Introduction

Nonsteroidal anti-inflammatory drugs (NSAIDs) are most commonly used to treat acute and chronic inflammations (Rao and Knaus 2008). Their therapeutic efficiency in systemic application could be insufficient in tissues with poor circulation. On the other hand, chronic and high-dose administrations of NSAIDs could cause serious side effects (Vonkeman and van de Laar 2010). Therefore, interventions to increase local efficiency are sometimes needed. Topical preparations of NSAIDs were approved, but there are questions about their clinical effectiveness. Individual differences to the response of drugs, skin side effects and uncorrelated levels of systemic and tissue NSAIDs concentrations are problems of topical therapy that still wait to be solved (Haroutiunian et al. 2010).

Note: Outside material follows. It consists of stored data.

(* Let $m\ge0$ be an integer. For $i\ge1$ put $\gamma_i=u-(1-zt)(1-t)^{i-1}(u-1)$. Then, as formal power series in $u,z,t$, $$\sum_{k\ge0}\frac{(u-1)^{m+1}(1-zt)^{m+1}u^k(1-t)^{k(m+1)}}{\prod_{i=1}^{k+1}\gamma_i}=-\sum_{j=0}^m(u-1)^j(1-zt)^ju^{m-j}\prod_{i=j+1}^m\bigl(1-(1-t)^i\bigr).$$
   Context: Each $\gamma_i$ has constant term $1$, so the quotients are formal power series over $\mathbb{Q}$, and the $k$-th summand is divisible by $u^k$, so the sum converges formally. An empty product equals $1$. *)

From HB Require Import structures.
From mathcomp Require Import all_boot all_order all_algebra.
Set Implicit Arguments. Unset Strict Implicit. Unset Printing Implicit Defensive.
Import Order.TTheory GRing.Theory Num.Theory.
Local Open Scope ring_scope.

(* A formal power series in Q[[u,z,t]]: f a b c is the coefficient of u^a z^b t^c. *)
Definition fps := nat -> nat -> nat -> rat.

Definition fadd (f g : fps) : fps := fun a b c => f a b c + g a b c.
Definition fopp (f : fps) : fps := fun a b c => - f a b c.
Definition fsub (f g : fps) : fps := fadd f (fopp g).
Definition fmul (f g : fps) : fps := fun a b c =>
  \sum_(i < a.+1) \sum_(j < b.+1) \sum_(k < c.+1)
     f i j k * g (a - i)%N (b - j)%N (c - k)%N.

Definition fmono (p q r : nat) : fps := fun a b c =>
  ((a == p) && (b == q) && (c == r))%:R.
Definition fone : fps := fmono 0 0 0.
Definition U : fps := fmono 1 0 0.
Definition Z : fps := fmono 0 1 0.
Definition T : fps := fmono 0 0 1.

Definition fexp (f : fps) (n : nat) : fps := iter n (fmul f) fone.

(* Inverse of a series with constant term 1: 1/f = sum_n (1 - f)^n; since
   1 - f has zero constant term, (1-f)^n has no monomials of total degree < n,
   so the coefficient of u^a z^b t^c only needs n <= a + b + c. *)
Definition finv (f : fps) : fps := fun a b c =>
  \sum_(n < (a + b + c).+1) fexp (fsub fone f) n a b c.
Definition fdiv (f g : fps) : fps := fmul f (finv g).

Definition fsum_seq (s : seq nat) (F : nat -> fps) : fps :=
  foldr (fun i acc => fadd (F i) acc) (fun _ _ _ => 0) s.
Definition fprod_seq (s : seq nat) (F : nat -> fps) : fps :=
  foldr (fun i acc => fmul (F i) acc) fone s.
(* product over lo <= i <= hi (empty product = 1 when hi < lo) *)
Definition fprod_range (lo hi : nat) (F : nat -> fps) : fps :=
  fprod_seq (iota lo (hi.+1 - lo)) F.

Definition fseries_to (F : nat -> fps) (S : fps) : Prop :=
  forall a b c, exists N, forall n, (N <= n)%N ->
    fsum_seq (iota 0 n) F a b c = S a b c.

Definition gamma (i : nat) : fps :=
  fsub U (fmul (fmul (fsub fone (fmul Z T)) (fexp (fsub fone T) (i - 1)))
               (fsub U fone)).

From Pilot Require Import Defs.
From HB Require Import structures.
From mathcomp Require Import all_boot all_algebra boolp zify ring.
Set Implicit Arguments. Unset Strict Implicit. Unset Printing Implicit Defensive.
Import GRing.Theory.
Local Open Scope ring_scope.

(* Put q = 1 - t, a = (u - 1)(1 - z t), so that gamma_i = u - a q^(i-1), and
   g_m(b) = sum_(j <= m) b^j u^(m-j) prod_(j < i <= m) (1 - q^i); the right-hand
   side is -g_m(a).  Splitting off the top term of g_(m+1) and inducting on m gives
   the functional equation u g_m(b q) = (u - b) g_m(b) + b^(m+1).  With
   b = a q^n it says that G_n = u^n g_m(a q^n) satisfies
   G_(n+1) = gamma_(n+1) G_n + a^(m+1) u^n q^(n(m+1)), so after division by
   P_n = gamma_1 ... gamma_n the k-th summand is G_(k+1)/P_(k+1) - G_k/P_k.
   The n-th partial sum is therefore u^n g_m(a q^n)/P_n - g_m(a), and the first
   term has no monomial of u-degree below n. *)

Definition fpsR : Type := fps.
HB.instance Definition _ := Choice.on fpsR.

Lemma fps_ext (f g : fps) : (forall a b c, f a b c = g a b c) -> f = g.
Proof.
by move=> efg; apply/funext => a; apply/funext => b; apply/funext => c.
Qed.

Definition fzero : fpsR := fun _ _ _ => 0.

Lemma faddA : associative (fadd : fpsR -> fpsR -> fpsR).
Proof. by move=> f g h; apply: fps_ext => a b c; rewrite /fadd addrA. Qed.

Lemma faddC : commutative (fadd : fpsR -> fpsR -> fpsR).
Proof. by move=> f g; apply: fps_ext => a b c; rewrite /fadd addrC. Qed.

Lemma fadd0 : left_id fzero (fadd : fpsR -> fpsR -> fpsR).
Proof. by move=> f; apply: fps_ext => a b c; rewrite /fadd add0r. Qed.

Lemma faddN : left_inverse fzero (fopp : fpsR -> fpsR) fadd.
Proof. by move=> f; apply: fps_ext => a b c; rewrite /fadd /fopp addNr. Qed.

HB.instance Definition _ := GRing.isZmodule.Build fpsR faddA faddC fadd0 faddN.

(* Associativity and commutativity of the Cauchy product are transported from
   polynomials in three variables: below total degree N, a product of series
   only sees the truncations of its factors. *)
Local Notation poly3 := {poly {poly {poly rat}}}.

Definition coef3 (p : poly3) a b c := p`_a`_b`_c.

Definition fps_trunc N (f : fps) : poly3 :=
  \poly_(i < N) \poly_(j < N) \poly_(k < N) f i j k.

Definition agree_below N (p : poly3) (f : fps) :=
  forall a b c, (a < N)%N -> (b < N)%N -> (c < N)%N -> coef3 p a b c = f a b c.

Lemma agree_below_trunc N f : agree_below N (fps_trunc N f) f.
Proof.
by move=> a b c ha hb hc; rewrite /coef3 coef_poly ha coef_poly hb coef_poly hc.
Qed.

Lemma agree_below_mul N p q f g :
  agree_below N p f -> agree_below N q g -> agree_below N (p * q) (fmul f g).
Proof.
move=> pf qg a b c ha hb hc; rewrite /coef3 /fmul coefM !coef_sum.
apply: eq_bigr => i _; rewrite coefM coef_sum; apply: eq_bigr => j _.
rewrite coefM; apply: eq_bigr => k _.
have := ltn_ord i; have := ltn_ord j; have := ltn_ord k => hk hj hi.
change (coef3 p i j k * coef3 q (a - i) (b - j) (c - k)
  = f i j k * g (a - i)%N (b - j)%N (c - k)%N).
by rewrite pf ?qg //; lia.
Qed.

Lemma fmulA : associative (fmul : fpsR -> fpsR -> fpsR).
Proof.
move=> f g h; apply: fps_ext => a b c; pose N := (a + b + c).+1.
have [ha hb hc] : [/\ a < N, b < N & c < N]%N by rewrite /N; split; lia.
have trf := @agree_below_trunc N f; have trg := @agree_below_trunc N g.
have trh := @agree_below_trunc N h.
rewrite -(agree_below_mul (agree_below_mul trf trg) trh ha hb hc).
by rewrite -(agree_below_mul trf (agree_below_mul trg trh) ha hb hc) mulrA.
Qed.

Lemma fmulC : commutative (fmul : fpsR -> fpsR -> fpsR).
Proof.
move=> f g; apply: fps_ext => a b c; pose N := (a + b + c).+1.
have [ha hb hc] : [/\ a < N, b < N & c < N]%N by rewrite /N; split; lia.
have trf := @agree_below_trunc N f; have trg := @agree_below_trunc N g.
rewrite -(agree_below_mul trf trg ha hb hc).
by rewrite -(agree_below_mul trg trf ha hb hc) mulrC.
Qed.

Lemma fmul1 : left_id (fone : fpsR) fmul.
Proof.
move=> f; apply: fps_ext => a b c.
rewrite /fmul big_ord_recl [X in _ + X]big1 ?addr0 => [|i _]; last first.
  by apply: big1 => j _; apply: big1 => k _; rewrite /fone /fmono mul0r.
rewrite big_ord_recl [X in _ + X]big1 ?addr0 => [|j _]; last first.
  by apply: big1 => k _; rewrite /fone /fmono mul0r.
rewrite big_ord_recl [X in _ + X]big1 ?addr0 => [|k _]; last by rewrite /fone /fmono mul0r.
by rewrite /fone /fmono mul1r !subn0.
Qed.

Lemma fmulDl : left_distributive (fmul : fpsR -> fpsR -> fpsR) fadd.
Proof.
move=> f g h; apply: fps_ext => a b c; rewrite /fmul /fadd -big_split.
apply: eq_bigr => i _; rewrite -big_split; apply: eq_bigr => j _.
by rewrite -big_split; apply: eq_bigr => k _; rewrite mulrDl.
Qed.

Lemma fone_neq0 : (fone : fpsR) != 0.
Proof. by apply/eqP => /(congr1 (fun f : fpsR => f 0%N 0%N 0%N)). Qed.

HB.instance Definition _ :=
  GRing.Zmodule_isComNzRing.Build fpsR fmulA fmulC fmul1 fmulDl fone_neq0.

Lemma fmulE (f g : fps) : fmul f g = (f : fpsR) * (g : fpsR). Proof. by []. Qed.
Lemma fsubE (f g : fps) : fsub f g = (f : fpsR) - (g : fpsR). Proof. by []. Qed.
Lemma foppE (f : fps) : fopp f = - (f : fpsR). Proof. by []. Qed.
Lemma foneE : fone = (1 : fpsR). Proof. by []. Qed.

Lemma coefB (f g : fpsR) a b c : (f - g) a b c = f a b c - g a b c.
Proof. by []. Qed.

Lemma fexpE (f : fps) n : fexp f n = (f : fpsR) ^+ n.
Proof. by elim: n => //= n ->; rewrite exprS. Qed.

Lemma fsum_iota0E n (G : nat -> fps) :
  fsum_seq (iota 0 n) G = \sum_(0 <= i < n) (G i : fpsR).
Proof.
rewrite /index_iota subn0.
by elim: (iota _ _) => [|i s IH]; rewrite ?big_nil ?big_cons //= IH.
Qed.

Lemma fprod_rangeE lo hi (G : nat -> fps) :
  fprod_range lo hi G = \prod_(lo <= i < hi.+1) (G i : fpsR).
Proof.
rewrite /fprod_range /index_iota.
by elim: (iota _ _) => [|i s IH]; rewrite ?big_nil ?big_cons //= IH.
Qed.

Definition fconst (f : fpsR) : rat := f 0%N 0%N 0%N.

Lemma fconst_is_zmod_morphism : zmod_morphism fconst.
Proof. by []. Qed.

HB.instance Definition _ :=
  GRing.isZmodMorphism.Build fpsR rat fconst fconst_is_zmod_morphism.

Lemma fconst_is_monoid_morphism : monoid_morphism fconst.
Proof. by split=> // f g; rewrite /fconst /GRing.mul /= /fmul !big_ord1. Qed.

HB.instance Definition _ :=
  GRing.isMonoidMorphism.Build fpsR rat fconst fconst_is_monoid_morphism.

Lemma coef_expr_small (h : fpsR) n a b c :
  fconst h = 0 -> (a + b + c < n)%N -> (h ^+ n) a b c = 0.
Proof.
move=> h0; elim: n a b c => // n IH a b c abc_lt.
rewrite exprS /GRing.mul /= /fmul.
apply: big1 => i _; apply: big1 => j _; apply: big1 => k _.
have := ltn_ord i; have := ltn_ord j; have := ltn_ord k => hk hj hi.
have [ijk0 | ijk_gt0] := posnP (i + j + k).
  have [-> -> ->] : [/\ i = 0 :> nat, j = 0 :> nat & k = 0 :> nat]%N by split; lia.
  by rewrite [h 0%N 0%N 0%N]h0 mul0r.
by rewrite IH ?mulr0 //; lia.
Qed.

Lemma coef_mulr_congr (f g g' : fpsR) a b c :
    (forall i j k, (i <= a)%N -> (j <= b)%N -> (k <= c)%N -> g i j k = g' i j k) ->
  (f * g) a b c = (f * g') a b c.
Proof.
move=> egg'; apply: eq_bigr => i _; apply: eq_bigr => j _; apply: eq_bigr => k _.
by rewrite egg' // leq_subr.
Qed.

(* Below total degree N, finv g is the geometric sum of (1 - g)^n for n <= N,
   and g times that sum is 1 - (1 - g)^(N+1). *)
Lemma mulr_finv (g : fpsR) : fconst g = 1 -> g * (Defs.finv g : fpsR) = 1.
Proof.
move=> g1; pose h := 1 - g.
have h0 : fconst h = 0 by change (fconst 1 - fconst g = 0); rewrite g1 subrr.
apply: fps_ext => a b c; pose N := (a + b + c)%N.
pose S := \sum_(n < N.+1) h ^+ n.
have coefS i j k : S i j k = \sum_(n < N.+1) (h ^+ n) i j k.
  by rewrite /S; elim/big_rec2: _ => // n f s _ <-.
rewrite (@coef_mulr_congr _ _ S) => [|i j k ia jb kc].
  have -> : g * S = 1 - h ^+ N.+1.
    rewrite -[X in X - _](expr1n _ N.+1) subrXX /h opprB addrC subrK.
    by under [in RHS]eq_bigr do rewrite expr1n mul1r.
  by rewrite coefB coef_expr_small ?subr0.
have ijk_le : ((i + j + k).+1 <= N.+1)%N by rewrite /N; lia.
rewrite coefS /Defs.finv (big_ord_widen _ (fun n => fexp (fsub fone g) n i j k) ijk_le).
rewrite big_mkcond; apply: eq_bigr => n _; rewrite fexpE.
by case: ltnP => // n_big; rewrite coef_expr_small.
Qed.

Lemma coef_UXM_small n (f : fpsR) a b c : (a < n)%N -> ((U : fpsR) ^+ n * f) a b c = 0.
Proof.
elim: n a b c => // n IH a b c a_lt; rewrite exprS -mulrA.
apply: big1 => i _; apply: big1 => j _; apply: big1 => k _.
have [i1 | /negbTE i_ne1] := eqVneq (i : nat) 1%N.
  by have := ltn_ord i => i_le; rewrite IH ?mulr0 //; lia.
by rewrite [U _ _ _]/U /fmono i_ne1 mul0r.
Qed.

Section Identity.

Variables (R : comRingType) (u q : R).

Definition gsum m b :=
  \sum_(0 <= j < m.+1) b ^+ j * u ^+ (m - j) * \prod_(j.+1 <= i < m.+1) (1 - q ^+ i).

Lemma gsumS m b : gsum m.+1 b = (1 - q ^+ m.+1) * u * gsum m b + b ^+ m.+1.
Proof.
rewrite /gsum big_nat_recr //= subnn (big_geq (leqnn _)) expr0 !mulr1.
congr (_ + _); rewrite mulr_sumr; apply: eq_big_nat => j /andP [_ j_le_m].
by rewrite big_nat_recr //= subSn // exprS; ring.
Qed.

Lemma gsum_shift m b : u * gsum m (b * q) = (u - b) * gsum m b + b ^+ m.+1.
Proof.
elim: m b => [|m IH] b; first by rewrite /gsum !big_nat1 !(big_geq (leqnn _)); ring.
by rewrite !gsumS mulrDr mulrCA IH exprMn [b ^+ m.+2]exprS; ring.
Qed.

Lemma telescope_quotients (G gam t P I : nat -> R) n :
    (forall k, G k.+1 = gam k.+1 * G k + t k) ->
    (forall k, P k.+1 = P k * gam k.+1) -> (forall k, P k * I k = 1) ->
  \sum_(0 <= k < n) t k * I k.+1 = G n * I n - G 0%N * I 0%N.
Proof.
move=> Grec Prec PI; apply: (telescope_sumr_eq (fun k => G k * I k)) => // k _.
have Igam : I k = gam k.+1 * I k.+1.
  by rewrite -[I k]mulr1 -(PI k.+1) Prec -mulrA mulrA [I k * _]mulrC PI mul1r.
by rewrite Grec Igam; ring.
Qed.

Variables (a : R) (m : nat).

Definition gprod n := \prod_(1 <= i < n.+1) (u - a * q ^+ (i - 1)).

Lemma gsum_rec n : u ^+ n.+1 * gsum m (a * q ^+ n.+1)
  = (u - a * q ^+ n) * (u ^+ n * gsum m (a * q ^+ n)) + a ^+ m.+1 * u ^+ n * q ^+ (n * m.+1).
Proof.
by rewrite [u ^+ _]exprSr [q ^+ _]exprSr -mulrA [a * _]mulrA gsum_shift exprMn -exprM; ring.
Qed.

Lemma partial_sums_telescope (I : nat -> R) n :
    (forall k, gprod k * I k = 1) ->
  \sum_(0 <= k < n) a ^+ m.+1 * u ^+ k * q ^+ (k * m.+1) * I k.+1
  = u ^+ n * gsum m (a * q ^+ n) * I n - gsum m a.
Proof.
move=> PI; rewrite (@telescope_quotients (fun k => u ^+ k * gsum m (a * q ^+ k))
    (fun i => u - a * q ^+ (i - 1)) (fun k => a ^+ m.+1 * u ^+ k * q ^+ (k * m.+1))
    gprod I n) //.
- have := PI 0%N; rewrite /gprod big_geq // mul1r => ->.
  by rewrite !expr0 mulr1 mul1r mulr1.
- by move=> k; rewrite gsum_rec subn1.
- by move=> k; rewrite /gprod big_nat_recr.
Qed.

End Identity.

Local Notation tq := (1 - (T : fpsR)).
Local Notation ta := (((U : fpsR) - 1) * (1 - (Z : fpsR) * T)).

Lemma fconst_gprod n : fconst (gprod (U : fpsR) tq ta n) = 1.
Proof.
rewrite rmorph_prod big1 // => i _.
rewrite !(rmorphB, rmorphM, rmorphXn, rmorph1) /= /fconst /U /Z /T /fmono /=.
by rewrite subr0 expr1n; ring.
Qed.

Definition gprod_inv k : fpsR := Defs.finv (gprod (U : fpsR) tq ta k).

Lemma gammaE i : (gamma i : fpsR) = (U : fpsR) - ta * tq ^+ (i - 1).
Proof. by rewrite /gamma !fsubE !fmulE fexpE foneE; ring. Qed.

Lemma summandE m k :
  fdiv (fmul (fmul (fmul (fexp (fsub U fone) m.+1) (fexp (fsub fone (fmul Z T)) m.+1))
                   (fexp U k))
             (fexp (fsub fone T) (k * m.+1)))
       (fprod_range 1 k.+1 gamma)
  = ta ^+ m.+1 * (U : fpsR) ^+ k * tq ^+ (k * m.+1) * gprod_inv k.+1.
Proof.
rewrite /fdiv fprod_rangeE (eq_bigr _ (fun i _ => gammaE i)).
by rewrite !fmulE !fexpE !fsubE foneE exprMn.
Qed.

Lemma rhs_sumE m :
  fsum_seq (iota 0 m.+1) (fun j =>
       fmul (fmul (fmul (fexp (fsub U fone) j) (fexp (fsub fone (fmul Z T)) j))
                  (fexp U (m - j)))
            (fprod_range j.+1 m (fun i => fsub fone (fexp (fsub fone T) i))))
  = gsum (U : fpsR) tq m ta.
Proof.
rewrite fsum_iota0E; apply: eq_bigr => j _.
by rewrite fprod_rangeE !fmulE !fexpE !fsubE foneE exprMn; under eq_bigr do rewrite fexpE.
Qed.

Theorem lemma7 (m : nat) :
  fseries_to
    (fun k => fdiv
       (fmul (fmul (fmul (fexp (fsub U fone) m.+1) (fexp (fsub fone (fmul Z T)) m.+1))
                   (fexp U k))
             (fexp (fsub fone T) (k * m.+1)))
       (fprod_range 1 k.+1 gamma))
    (fopp (fsum_seq (iota 0 m.+1) (fun j =>
       fmul (fmul (fmul (fexp (fsub U fone) j) (fexp (fsub fone (fmul Z T)) j))
                  (fexp U (m - j)))
            (fprod_range j.+1 m (fun i => fsub fone (fexp (fsub fone T) i)))))).
Proof.
move=> x y z; exists x.+1 => n x_lt_n.
rewrite rhs_sumE fsum_iota0E (eq_bigr _ (fun k _ => summandE m k)).
rewrite (@partial_sums_telescope _ (U : fpsR) tq ta m gprod_inv) => [|k]; last first.
  exact/mulr_finv/fconst_gprod.
by rewrite foppE -mulrA coefB coef_UXM_small // sub0r.
Qed.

Capsaicin is the major pungent ingredient of hot peppers. Capsicum oleoresin is the alcoholic extract of peppers that contains capsaicin, dihydrocapsaicin, nordihydrocapsaicin, homocapsaicin, homodihydrocapsaicin etc., all of which are called capsaicinoids (Szolcsányi 2004; Luo et al. 2011; Watanabe et al. 2011). Capsaicinoids have several pharmacological effects such as analgesia, anti-inflammation, anticancer, antioxidant and antiobesity (Luo et al. 2011). Capsaicin-containing patches and ointments are administered topically as an adjuvant analgesic in a variety of chronic painful diseases, including osteoarthritis, post-herpetic neuralgia, rheumatoid arthritis, post-mastectomy pain syndrome and diabetic neuropathy (Papoiu and Yosipovitch 2010; Anand and Bley 2011; Altman and Barthel 2011). Topical capsaicin application by acting on nociceptors of sensory neurons causes the secretion of various neuropeptides, which produces neurogenic inflammation characterized by vasodilatation and extravasation. After repeated, prolonged or high-dose application of capsaicin, neuronal desensitization occurs to various noxious stimuli, which is the mainstay of its analgesic activity (Steinhoff et al. 2003; Zegarska et al. 2006; Okajima and Harada 2006). Capsaicin-induced inflammation and anti-inflammatory effect of capsaicin were also reported (Wallengren and Möller 1986; Joe and Lokesh 1997; Kim et al. 2003; Manjunatha and Srinivasan 2006). It has been discussed that neuronal desensitization was responsible for its anti-inflammatory and analgesic effects as mentioned above.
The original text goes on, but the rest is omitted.